Although the survivors interviewed for the book ultimately display a fierce spirit of resilience and even humor, “Stringing Rosaries: The History, the Unforgivable, and the Healing of Northern Plains American Indian Boarding School Survivors,” is a difficult read especially for former boarding school students and their families. According to Lajimodiere she offers a “trigger warning” during her public presentations about her work in researching the book.
“I had to fight back tears when my editor handed me the finished book. I promised survivors I would tell the world what happened to them at boarding schools,” she said during an interview with Indian Country Today.
Lajimodiere has kept her promise with this sacred oath of a book.
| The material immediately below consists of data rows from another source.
Lemma mult_spec_uniq r x o o' : mult_spec r x o -> mult_spec r x o' -> o = o'.
Proof.
have below m m' : alg_le (r *+ m) x -> ~ alg_le (r *+ m'.+1) x -> (m <= m')%N.
  move=> h1 h2; rewrite leqNgt; apply/negP => lt.
  by apply: h2; apply: alg_le_trans (alg_le_mulrn _ lt) h1.
case: o => [m|]; case: o' => [m'|] //=.
- move=> [h1 h2] [h3 h4]; congr Some.
  by apply/eqP; rewrite eqn_leq (below _ _ h1 h4) (below _ _ h3 h2).
- by move=> [_ h2] h; case: h2; apply: h.
- by move=> h [_ h2]; case: h2; apply: h.
Qed.

Lemma mult_eq r x o : mult_spec r x o -> mult r x = o.
Proof. exact: mult_spec_uniq (multP r x). Qed.

Lemma mult_eq0 r x : mult r x = 0 <-> ~ alg_le r x.
Proof.
split=> [h|h]; last by apply: mult_eq; split; [apply: alg_le0x | rewrite mulr1n].
by have := multP r x; rewrite h /= mulr1n => -[].
Qed.

Lemma mult_inf r x : mult r x = None -> forall k : nat, alg_le (r *+ k) x.
Proof. by move=> h; have := multP r x; rewrite h. Qed.

Lemma mult_morph r : is_prime r -> monoid_morph (mult r).
Proof.
move=> pr; split; first by apply/mult_eq0; case: pr.
move=> x y; apply: mult_eq; have := multP r x; have := multP r y.
case: (mult r x) => [a|]; case: (mult r y) => [b|] //=.
- move=> [hb1 hb2] [ha1 ha2].
  split; first by rewrite mulrnDr; apply: alg_le_add.
  move=> /(split_mulrn pr) [k0 [k1 [hk h0 h1]]].
  have k0a : (k0 <= a)%N.
    by rewrite leqNgt; apply/negP => lt; apply: ha2; apply: alg_le_trans (alg_le_mulrn _ lt) h0.
  have k1b : (k1 <= b)%N.
    by rewrite leqNgt; apply/negP => lt; apply: hb2; apply: alg_le_trans (alg_le_mulrn _ lt) h1.
  by move: (leq_add k0a k1b); rewrite hk ltnn.
- by move=> hy _ k; apply: alg_le_trans (hy k) (alg_le_addl _ _).
- by move=> _ hx k; apply: alg_le_trans (hx k) (alg_le_addr _ _).
- by move=> _ hx k; apply: alg_le_trans (hx k) (alg_le_addr _ _).
Qed.

Lemma mult_self r : is_free r -> mult r r = Some 1%N.
Proof.
move=> fr; apply: mult_eq; split; first by rewrite mulr1n; apply: alg_le_refl.
by rewrite mulr2n => h; apply: fr; apply: antiM h (alg_le_addr _ _).
Qed.

(* Pigeonhole: if r *+ k lies below a sum of fewer than k terms, then r *+ 2
   lies below one of the terms. *)
Lemma double_below_summand r s (k : nat) : is_prime r -> (size s < k)%N ->
  alg_le (r *+ k) (\sum_(q <- s) q) -> exists2 q, q \in s & alg_le (r *+ 2) q.
Proof.
move=> pr; elim: s k => [|q s IH] k /= hk.
  rewrite big_nil => h; case: (proj1 pr).
  by apply: alg_le_trans h; rewrite -{1}(mulr1n r); apply: alg_le_mulrn.
rewrite big_cons => /(split_mulrn pr) [k0 [k1 [ek h0 h1]]].
have [two_k0|k0_small] := leqP 2 k0.
  by exists q; [rewrite mem_head | apply: alg_le_trans (alg_le_mulrn _ two_k0) h0].
have [q' q's hq'] : exists2 q', q' \in s & alg_le (r *+ 2) q'.
  by apply: (IH k1) h1; lia.
by exists q' => //; rewrite in_cons q's orbT.
Qed.

Lemma free_absorb r x : is_prime r -> is_free r ->
  (forall k : nat, alg_le (r *+ k) x) -> exists q, alg_le q x /\ r + q = q.
Proof.
move=> pr fr hk; have [s [sp ex]] := pgenM x; rewrite ex in hk *.
have [q qs [w ew]] := double_below_summand pr (ltnSn (size s)) (hk _).
rewrite mulr2n in ew; have [_ qP] := sp q qs.
have q_not_le_r : ~ alg_le q r.
  move=> hqr; apply: fr; apply: antiM (alg_le_addr _ _).
  by apply: alg_le_trans hqr; exists w.
exists q; split; first exact: alg_le_sum_mem.
have /qP [//|/qP [//|[w' ew']]] : alg_le q (r + (r + w)).
  by rewrite addrA -ew; apply: alg_le_refl.
apply: antiM (alg_le_addl _ _).
by exists (r + w'); rewrite {1}ew ew' addrACA.
Qed.

End Multiplicity.

(* A congruence on a commutative monoid and the quotient monoid it defines;
   classes are represented by canonical representatives chosen by epsilon. *)
Record congruence (M : nmodType) := Congruence {
  cong_rel : M -> M -> Prop;
  cong_equiv : equivalence M cong_rel;
  cong_addr : forall x y z, cong_rel x y -> cong_rel (x + z) (y + z) }.

Section QuotientCarrier.
Variables (M : nmodType) (c : congruence M).
Implicit Types x y z : M.

Lemma cong_refl x : cong_rel c x x.
Proof. exact: equiv_refl _ _ (cong_equiv c) x. Qed.

Lemma cong_sym x y : cong_rel c x y -> cong_rel c y x.
Proof. exact: equiv_sym _ _ (cong_equiv c) x y. Qed.

Lemma cong_trans x y z : cong_rel c x y -> cong_rel c y z -> cong_rel c x z.
Proof. exact: equiv_trans _ _ (cong_equiv c) x y z. Qed.

Definition cong_repr x : M := epsilon (inhabits 0) (cong_rel c x).

Lemma cong_repr_rel x : cong_rel c x (cong_repr x).
Proof. by apply: epsilon_spec; exists x; apply: cong_refl. Qed.

Lemma cong_repr_eq x y : cong_rel c x y -> cong_repr x = cong_repr y.
Proof.
move=> hxy; rewrite /cong_repr; congr epsilon.
apply: functional_extensionality => z; apply: propositional_extensionality.
by split; [apply: cong_trans (cong_sym hxy) | apply: cong_trans hxy].
Qed.

Lemma cong_reprK x : cong_repr (cong_repr x) = cong_repr x.
Proof. by symmetry; apply: cong_repr_eq; apply: cong_repr_rel. Qed.

Lemma cong_addl x y z : cong_rel c x y -> cong_rel c (z + x) (z + y).
Proof. by move=> hxy; rewrite ![z + _]addrC; apply: cong_addr. Qed.

Definition quot : Type := {x : M | cong_repr x == x}.

Definition qpi x : quot := exist _ (cong_repr x) (introT eqP (cong_reprK x)).

Lemma qpi_eq x y : cong_rel c x y -> qpi x = qpi y.
Proof. by move=> hxy; apply: val_inj; apply: cong_repr_eq. Qed.

Lemma qpi_val (a : quot) : qpi (val a) = a.
Proof. by apply: val_inj; case: a => a /= /eqP. Qed.

Lemma qpi_rel x y : qpi x = qpi y -> cong_rel c x y.
Proof.
move=> /(congr1 val) /= exy; apply: cong_trans (cong_repr_rel x) _.
by rewrite exy; apply: cong_sym; apply: cong_repr_rel.
Qed.

Definition qadd (a b : quot) : quot := qpi (val a + val b).

Lemma qaddA : associative qadd.
Proof.
move=> a b d; apply: qpi_eq.
apply: (cong_trans (y := val a + (val b + val d))).
  by apply: cong_addl; apply: cong_sym; apply: cong_repr_rel.
by rewrite addrA; apply: cong_addr; apply: cong_repr_rel.
Qed.

Lemma qaddC : commutative qadd.
Proof. by move=> a b; rewrite /qadd addrC. Qed.

Lemma qadd0 : left_id (qpi 0) qadd.
Proof.
move=> a; rewrite /qadd -[in RHS](qpi_val a); apply: qpi_eq.
by rewrite -[X in cong_rel c _ X]add0r; apply: cong_addr; apply: cong_sym; apply: cong_repr_rel.
Qed.

End QuotientCarrier.

HB.instance Definition _ (M : nmodType) (c : congruence M) := Choice.on (quot c).
HB.instance Definition _ (M : nmodType) (c : congruence M) :=
  GRing.isNmodule.Build (quot c) (@qaddA M c) (@qaddC M c) (@qadd0 M c).

Lemma qpi_morph (M : nmodType) (c : congruence M) : monoid_morph (qpi c).
Proof.
split=> // x y; apply: qpi_eq.
apply: (cong_trans (y := cong_repr c x + y)); first by apply: cong_addr; apply: cong_repr_rel.
by apply: cong_addl; apply: cong_repr_rel.
Qed.

Lemma quot0E (M : nmodType) (c : congruence M) : (0 : quot c) = qpi c 0.
Proof. by []. Qed.

Lemma quot_addE (M : nmodType) (c : congruence M) (a b : quot c) :
  a + b = qpi c (val a + val b).
Proof. by []. Qed.

Section IdealIsomorphism.
Variables (P : nmodType) (I I' : P -> Prop) (phi : P -> P).
Hypotheses (antiP : antisymmetric_monoid P) (refP : refinement_monoid P)
  (HI : order_ideal I) (HI' : order_ideal I')
  (disjI : forall x, I x -> I' x -> x = 0) (isoI : ideal_iso I I' phi).
Implicit Types (x y u v a p q r : P).

Let phi0 : phi 0 = 0. Proof. by case: isoI. Qed.
Let phiD x y : I x -> I y -> phi (x + y) = phi x + phi y.
Proof. by case: isoI => _ phiD _ _ _; apply: phiD. Qed.
Let phiI x : I x -> I' (phi x).
Proof. by case: isoI => _ _ phiI _ _; apply: phiI. Qed.
Let phi_inj x y : I x -> I y -> phi x = phi y -> x = y.
Proof. by case: isoI => _ _ _ phi_inj _; apply: phi_inj. Qed.
Let phi_onto y : I' y -> exists2 x, I x & phi x = y.
Proof. by case: isoI => _ _ _ _ phi_onto; apply: phi_onto. Qed.

Lemma phi_le x y : I x -> I y -> alg_le (phi x) (phi y) <-> alg_le x y.
Proof.
move=> Ix Iy; split=> [[z ez]|[z ez]].
- have I'z : I' z by apply: ideal_le HI' (alg_le_addl (phi x) z) _; rewrite -ez; apply: phiI.
  have [w Iw ew] := phi_onto I'z; exists w.
  by apply: phi_inj => //; [apply: idealD | rewrite phiD // ew].
- have Iz : I z by apply: ideal_le HI (alg_le_addl x z) _; rewrite -ez.
  by exists (phi z); rewrite ez phiD.
Qed.

Lemma phi_mulrn x n : I x -> phi (x *+ n) = phi x *+ n.
Proof.
move=> Ix; elim: n => [|n IH]; first by rewrite !mulr0n.
by rewrite !mulrS phiD ?IH //; apply: ideal_mulrn.
Qed.

Lemma prime_notI' p : is_prime p -> I p -> ~ I' p.
Proof. by move=> pp Ip I'p; apply: (prime_neq0 pp); apply: disjI. Qed.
She began researching the history of U.S. Indian boarding schools in 2006 and spent the last 10 years interviewing survivors; she was also on the board of the National Native American Boarding School Healing Coalition from 2011-2018, serving as the organization’s second president.
While attending Canadian Truth and Reconciliation hearings in 2007 about that country’s Indian boarding school history, she was shocked to realize that there was so little information about similar schools in the U.S. The Truth and Reconciliation Commission was created as part of Canada’s Indian Residential Schools Settlement Agreement.